H. Clearly Logistic and LDA are almost equally accurate. QDA acting little bad and KNN being worst. Clearly KNN and QDA are producing more test errors because of overfitting indicating the relation between probability of direction and lag2 predictor is more of linear.

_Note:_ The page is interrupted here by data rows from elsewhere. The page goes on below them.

Lemma deviation_bound_gt3 : 3 < deviation_bound.
Proof.
have L_ge := L_ge_half; have L_ge0 : 0 <= L by lra.
have := ln_X_ge0; have := mulr_ge0 hits_ge0 L_ge0.
have := @ln_ge1BV R (5 / 2) (5 * L) ltac:(lra) ltac:(lra).
have -> : (5 / 2 : R)^-1 = 2 / 5 by field.
have := deviation_bound_ge; lra.
Qed.

Lemma hit_threshold_ge1 : 1 <= hit_threshold.
Proof.
have c_ge1 := hit_factor_ge1.
have K_ge1 : 1 <= grid_size%:R :> R by rewrite ler1n.
rewrite ler_pdivlMr // mul1r (le_trans (ltW delta_lt1)) //.
by rewrite mulr_ege1 // exprn_ege1.
Qed.

Lemma log_hit_threshold_le : (4 <= N)%N ->
  ln hit_threshold / ln (1 + 8^-1) <= deviation_bound.
Proof.
move=> N_ge4.
have L_ge : 3 / 2 <= L.
  have := @ln_double_le 4 N_ge4; have := @ln_ge1BV R 2 2 ltac:(lra) (lexx _).
  have -> : 2 * 4%:R = 2 ^+ 3 :> R by rewrite !exprS expr0; lra.
  by rewrite lnXn // -mulr_natl; lra.
have lnq_ge : 9^-1 <= ln (1 + 8^-1 : R).
  have := @ln_ge1BV R (1 + 8^-1) (1 + 8^-1) ltac:(lra) (lexx _).
  have -> : (1 + 8^-1 : R)^-1 = 1 - 9^-1 by field.
  lra.
have lnM_ge0 := ln_ge0 hit_threshold_ge1.
have lnM_le : ln hit_threshold / ln (1 + 8^-1) <= 9 * ln hit_threshold.
  rewrite ler_pdivrMr; last by apply: lt_le_trans lnq_ge; rewrite invr_gt0.
  have : 1 <= 9 * ln (1 + 8^-1 : R) by lra.
  by move/(ler_wpM2l lnM_ge0); rewrite mulr1; lra.
have := @ln_ge1BV R (15 / 2) (5 * L) ltac:(lra) ltac:(lra).
have -> : (15 / 2 : R)^-1 = 2 / 15 by field.
have := ler_wpM2l hits_ge0 L_ge.
have := ln_hit_threshold_le; have := deviation_bound_ge; have := hits_ge0.
lra.
Qed.

Lemma count_in_lt_deviation_bound (s : seq R) : size s = N ->
  (forall k, (k < grid_size)%N ->
     (1 + 8^-1) ^+ count_set (grid_cell k) s < hit_threshold) ->
  forall J : interval R, small_interval w J ->
  (count_in J s)%:R < deviation_bound.
Proof.
move=> size_s cell_hits_lt J J_small.
have [N_le3|N_ge4] := leqP N 3.
  apply: le_lt_trans deviation_bound_gt3.
  by rewrite (ler_nat R _ 3) (leq_trans _ N_le3) // -size_s count_size.
have [k k_lt J_sub] := small_interval_sub_grid_cell J_small.
apply: (@le_lt_trans _ _ (count_set (grid_cell k) s)%:R).
  by rewrite ler_nat; exact: sub_count.
apply: lt_le_trans (log_hit_threshold_le N_ge4).
have lnq_gt0 : 0 < ln (1 + 8^-1 : R) by rewrite ln_gt0 // ltrDl.
rewrite ltr_pdivlMr // mulr_natl -lnXn ?ltr_ln ?posrE ?cell_hits_lt //.
exact: hit_threshold_gt0.
Qed.

Lemma hit_potential_threshold :
  hit_potential grid_size grid_cell 8^-1 cell_mass N [::] / hit_threshold = delta.
Proof.
rewrite /hit_potential /hit_threshold (eq_bigr (fun=> 1)) // sumr_const card_ord.
have c_gt0 := lt_le_trans ltr01 hit_factor_ge1.
by field; rewrite !gt_eqF ?ltr0n ?exprn_gt0.
Qed.

End Grid.

Unset Implicit Arguments.

Theorem mainTheorem8 (R : realType) (T l : nat) (sigma w delta : R)
  (P : policy R) :
  (0 < T)%N -> (0 < l)%N ->
  0 < sigma -> sigma <= 1 ->
  0 < w -> w <= 1 ->
  0 < delta -> delta < 1 ->
  adaptive_smooth sigma (T * l) P ->
  ((1 - delta)%:E <=
   adapt_prob P (T * l)
     [set s | forall J : interval R, small_interval w J ->
        (((count_in J s)%:R : R) <
          (T * l)%:R * w / sigma * ln (2 * (T * l)%:R / delta)
          + 10 * Num.sqrt ((T * l)%:R * w / sigma * ln (2 * (T * l)%:R / delta)
                           * ln (1 / delta))
          + 10 * ln (10 * (T * l)%:R * ln (2 * (T * l)%:R / delta)
                     / (sigma * delta)))%R])%E.
Proof.
move=> T_gt0 l_gt0 sigma_gt0 sigma_le1 w_gt0 _ delta_gt0 delta_lt1 [P_smooth _].
have N_gt0 : (0 < T * l)%N by rewrite muln_gt0 T_gt0.
rewrite -{1}(hit_potential_threshold N_gt0 sigma_gt0 w_gt0 delta_gt0).
apply: (adapt_prob_ge_threshold (V := hit_potential (grid_size (T * l) sigma w)
          (grid_cell (T * l) sigma w) 8^-1 (cell_mass (T * l) sigma w))).
- exact: hit_threshold_gt0.
- by move=> n s; apply: hit_potential_ge0 => //; exact: cell_mass_ge0.
- move=> n s; apply: measurable_hit_potential_rcons => k; exact: measurable_itv.
- move=> n k h kN; apply: integral_hit_potential_rcons => //.
  + exact: cell_mass_ge0.
  + move=> k'; exact: measurable_itv.
  + by move=> k'; apply: smooth_grid_cell_le; last exact: P_smooth.
- move=> s size_s pot_lt; apply: count_in_lt_deviation_bound => //.
  exact: hit_potential0_lt pot_lt.
Qed.
Lemma chain_unique (x y : nat -> int -> G) s m :
  chain_rel x s m -> chain_rel y s m ->
  (forall k, x m k = y m k) -> (forall k, x m.+1 k = y m.+1 k) ->
  forall a, (a <= m.+1)%N -> forall k, x a k = y a k.
Proof.
move=> chain_x chain_y xym xym1.
suff top2 : forall j, (j <= m)%N ->
    (forall k, x (m - j)%N k = y (m - j)%N k) /\
    (forall k, x (m - j).+1 k = y (m - j).+1 k).
  move=> a; rewrite leq_eqVlt => /predU1P [-> //|]; rewrite ltnS => le_am.
  by have := top2 _ (leq_subr a m); rewrite subKn // => -[].
elim=> [|j IH] lt_jm; first by rewrite subn0.
have [xy xy1] := IH (ltnW lt_jm).
have def_mj : (m - j)%N = (m - j.+1).+1 by rewrite subnS prednK // subn_gt0.
rewrite -def_mj; split=> // k.
have mj_in : (1 <= m - j <= m)%N by rewrite leq_subr andbT subn_gt0.
have := chain_x _ k mj_in; have := chain_y _ k mj_in.
rewrite def_mj /= -def_mj => rel_y rel_x.
by apply: (addIr (x (m - j).+1 k)); rewrite -rel_x !xy rel_y xy1.
Qed.

Variables (x : nat -> int -> G) (s : int) (m : nat).
Hypothesis chain_x : chain_rel x s m.

Lemma chain_string_sum : (forall k, x 0%N k = 0) ->
  forall a, (a <= m.+1)%N -> forall k, x a k = string_sum (x 1%N) s a k.
Proof.
move=> x0.
suff chain2 a : (a <= m)%N -> (forall k, x a k = string_sum (x 1%N) s a k) /\
                             (forall k, x a.+1 k = string_sum (x 1%N) s a.+1 k).
  by case=> [|a] le_am k; [rewrite x0 string_sum0 | case: (chain2 a le_am)].
elim: a => [|a IH] le_am.
  by split=> k; rewrite ?x0 ?string_sum0 // string_sumSr string_sum0 add0r mulr0 addr0.
have [xa xa1] := IH (ltnW le_am); split=> // k.
have /= rel_a := @chain_x a.+1 k le_am.
by apply: (addrI (x a k)); rewrite -rel_a !xa1 xa string_sum_rec [RHS]addrC subrK.
Qed.

Lemma chain_dirichlet_reflection : (forall k, x 0%N k = 0) ->
  (forall k, x m.+1 k = 0) ->
  forall a k, (a <= m.+1)%N -> x a (k + s * m.+1%:Z) = - x (m.+1 - a)%N k.
Proof.
move=> x0 xm a k le_am.
have xS := chain_string_sum x0.
have := string_sum_cat (x 1%N) s (m.+1 - a) a (k + s * a%:Z).
rewrite subnK // -xS // xm -xS ?leq_subr // -xS //.
rewrite addrK -addrA -mulrDr -PoszD addnC subnK // => /esym/eqP.
by rewrite addr_eq0 => /eqP ->; rewrite opprK.
Qed.
End StringSum.

Lemma big_filter_uniq_mem (G : zmodType) (s cs : seq nat) (P : pred nat) (F : nat -> G) :
  uniq s -> uniq cs -> {in s, forall b, P b = (b \in cs)} ->
  \sum_(b <- s | P b) F b = \sum_(c <- cs | c \in s) F c.
Proof.
move=> us ucs P_cs; rewrite -big_filter -[RHS]big_filter; apply: perm_big.
apply: uniq_perm; rewrite ?filter_uniq // => b; rewrite !mem_filter.
by case s_b: (b \in s); rewrite ?andbF // andbT P_cs.
Qed.

Lemma mem_succ_pairs (s : seq nat) x y :
  ((x, y) \in [seq (i, i.+1) | i <- s]) = (y == x.+1) && (x \in s).
Proof.
elim: s => [|i s IH] /=; first by rewrite in_nil andbF.
rewrite in_cons IH xpair_eqE in_cons.
by case: (x =P i) => [->|_] /=; case: (y == _).
Qed.

Definition simply_laced_system (d : Dynkin) (G : zmodType) (F : nat -> int -> G) :=
  forall a k, (1 <= a <= rank d)%N ->
    F a (k - 1) + F a (k + 1) = \sum_(b <- iota 1 (rank d) | adj d a b) F b k.

Definition half_periodic (d : Dynkin) (G : zmodType) (F : nat -> int -> G) :=
  forall a k, (1 <= a <= rank d)%N ->
    F a (k + (tnum d * hdual d)%N%:Z) = - F (omega d a) k.

Lemma adjA n a b :
  adj (TA n) a b = ((b == a.+1) && (1 <= a < n)%N) || ((a == b.+1) && (1 <= b < n)%N).
Proof. by rewrite /adj /= !mem_succ_pairs !mem_iota; apply/idP/idP; lia. Qed.

Lemma A_half_period (G : zmodType) n (F : nat -> int -> G) :
  simply_laced_system (TA n.+1) F -> half_periodic (TA n.+1) F.
Proof.
move=> sysF a k /= a_in; rewrite mul1n.
pose x b := if (1 <= b <= n.+1)%N then F b else fun=> 0.
have chain_x : chain_rel x 1 n.+1.
  move=> b k' b_in; rewrite /x b_in sysF //.
  rewrite (@big_filter_uniq_mem _ _ [:: b.-1; b.+1]) ?iota_uniq //; first last.
  - by move=> c; rewrite mem_iota /= adjA !inE => c_in; apply/idP/idP; move: c_in; lia.
  - by rewrite /= inE; apply/negP; lia.
  rewrite !big_cons big_nil !mem_iota add1n !ltnS.
  by case: ifP => _; case: ifP => _; rewrite ?addr0 ?add0r.
have x_end k' : x n.+2 k' = 0 by rewrite /x ltnn andbF.
have le_an2 : (a <= n.+2)%N by lia.
have := chain_dirichlet_reflection chain_x (fun=> erefl) x_end k le_an2.
by rewrite /x a_in mul1r ifT //; move: a_in; clear; lia.
Qed.

Lemma Fz0 (G : zmodType) (F : nat -> int -> G) k : Fz F 0 k = 0.
Proof. by []. Qed.

Lemma Fz_gt0 (G : zmodType) (F : nat -> int -> G) a k : (0 < a)%N -> Fz F a k = F a k.
Proof. by rewrite /Fz; case: a. Qed.

Lemma chain_rel_Fz (G : zmodType) (F : nat -> int -> G) s m :
  (forall a k, (1 <= a <= m)%N -> F a (k - s) + F a (k + s) = Fz F a.-1 k + F a.+1 k) ->
  chain_rel (Fz F) s m.
Proof.
move=> relF a k a_in; have a_gt0 : (0 < a)%N by case/andP: a_in.
by rewrite [Fz F a (_ - _)]Fz_gt0 // [Fz F a _]Fz_gt0 // [Fz F a.+1 _]Fz_gt0 // relF.
Qed.

Section ShiftedTail.
Variables (G : zmodType) (T : nat -> int -> G) (m : nat) (s p : int).
Hypothesis chain_T : chain_rel (Fz T) s m.+1.
Hypothesis tail_T : forall k,
  T m.+2 (k - p) + T m.+2 (k + p) = T m.+1 (k - (p - s)) + T m.+1 (k + (p - s)).

Lemma Fz_chain_string_sum a k : (1 <= a <= m.+2)%N -> T a k = string_sum (T 1%N) s a k.
Proof.
by case/andP=> a_gt0 le_am; rewrite -Fz_gt0 // (chain_string_sum chain_T (Fz0 T)).
Qed.

Lemma shifted_tail_antiperiodic a k : (1 <= a <= m.+2)%N ->
  T a (k + ((p + s * m.+1%:Z) + (p + s * m.+1%:Z))) = - T a k.
Proof.
move=> a_in; rewrite !(Fz_chain_string_sum _ a_in).
apply/string_sum_antiperiodic/antiperiodic_of_reflection => {a_in}k.
have := tail_T k.
rewrite !(@Fz_chain_string_sum m.+1) ?(@Fz_chain_string_sum m.+2) ?leqnSn ?leqnn //.
rewrite string_sumSl [string_sum _ _ m.+2 (k + p)]string_sumSr.
have -> : k - p - s * m.+1%:Z = k - (p + s * m.+1%:Z) by ring.
have -> : k + p + s * m.+1%:Z = k + (p + s * m.+1%:Z) by ring.
have -> : k - p + s = k - (p - s) by ring.
have -> : k + p - s = k + (p - s) by ring.
rewrite [string_sum _ _ m.+1 (k + _) + _]addrC addrACA.
by move/(canRL (addrK _)); rewrite subrr.
Qed.
End ShiftedTail.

I.Let's first see logistic models

```{r}
logistic_wkly3 <- glm(Direction ~ Lag2:Lag1, 
                     data = Weekly_train, 
                     family = binomial)
summary(logistic_wkly3)

logistic_probs3 <- predict(logistic_wkly3, Weekly_test, type = "response")
logistic_pred3 = rep("Down", length(Direction_test))
logistic_pred3[logistic_probs3 > 0.5] <- "Up"
table(logistic_pred3, Direction_test)
mean(logistic_pred3 == Direction_test)
```


Let's try 1 more time with lag 1,2 and 3

```{r}
logistic_wkly4 <- glm(Direction ~ Lag3+Lag2+Lag1, 
                     data = Weekly_train, 
                     family = binomial)
summary(logistic_wkly4)

logistic_probs4 <- predict(logistic_wkly4, Weekly_test, type = "response")
logistic_pred4 = rep("Down", length(Direction_test))
logistic_pred4[logistic_probs3 > 0.5] <- "Up"
table(logistic_pred4, Direction_test)
mean(logistic_pred4 == Direction_test)
```

Clearly lag3 shouldn't be used a predictor at all.

Let's try once again 
```{r}
logistic_wkly5 <- glm(Direction ~ Lag4+Lag3+Lag2+Lag1, 
                     data = Weekly_train, 
                     family = binomial)
summary(logistic_wkly5)

logistic_probs5 <- predict(logistic_wkly5, Weekly_test, type = "response")
logistic_pred5 = rep("Down", length(Direction_test))
logistic_pred5[logistic_probs5 > 0.5] <- "Up"
table(logistic_pred5, Direction_test)
mean(logistic_pred5 == Direction_test)
```
Lag4 is also not a good choice of variable.


Let's try LDA now

```{r}
lda_wkly2 <- lda(Direction ~ Lag2:Lag1,
                 data = Weekly, 
                 subset = train)
lda_wkly2
plot(lda_wkly)

```


```{r}
lda_probs2 <- predict(lda_wkly2, Weekly_test)
table(lda_probs2$class, Direction_test)
mean(lda_probs2$class == Direction_test)
```


Different QDA model with transformation

```{r}
qda_wkly2 <- qda(Direction ~ Lag2 + sqrt(abs(Lag2)),
                 data = Weekly,
                 subset = train)
qda_wkly2
qda_pred2 <- predict(qda_wkly2, Weekly_test)
table(qda_pred2$class, Direction_test)
mean(qda_pred2$class == Direction_test)
```


Not improving the performance at all

Different KNN model

```{r}
set.seed(1)
knn_pred3 <- knn(train_X, test_X, Direction_train, k = 3)
table(knn_pred3, Direction_test)
mean(knn_pred3 == Direction_test)
```

Let's change K=20
```{r}
set.seed(1)
knn_pred4 <- knn(train_X, test_X, Direction_train, k = 20)
table(knn_pred4, Direction_test)
mean(knn_pred4 == Direction_test)
```

performance increased a bit

Let's try with K=50
```{r}
set.seed(1)
knn_pred5 <- knn(train_X, test_X, Direction_train, k = 50)
table(knn_pred5, Direction_test)
mean(knn_pred5 == Direction_test)
```

Performance decreased as K increased from 20 to 50. Let's try 10 once

```{r}
set.seed(1)
knn_pred6 <- knn(train_X, test_X, Direction_train, k = 10)
table(knn_pred6, Direction_test)
mean(knn_pred6 == Direction_test)
```
 
```{r}
set.seed(1)
knn_pred7 <- knn(train_X, test_X, Direction_train, k = 30)
table(knn_pred7, Direction_test)
mean(knn_pred7 == Direction_test)
```

```{r}
set.seed(1)
knn_pred8 <- knn(train_X, test_X, Direction_train, k = 25)
table(knn_pred8, Direction_test)
mean(knn_pred8 == Direction_test)
```

So, it seems K =20 seems to be best producing accuracy among all.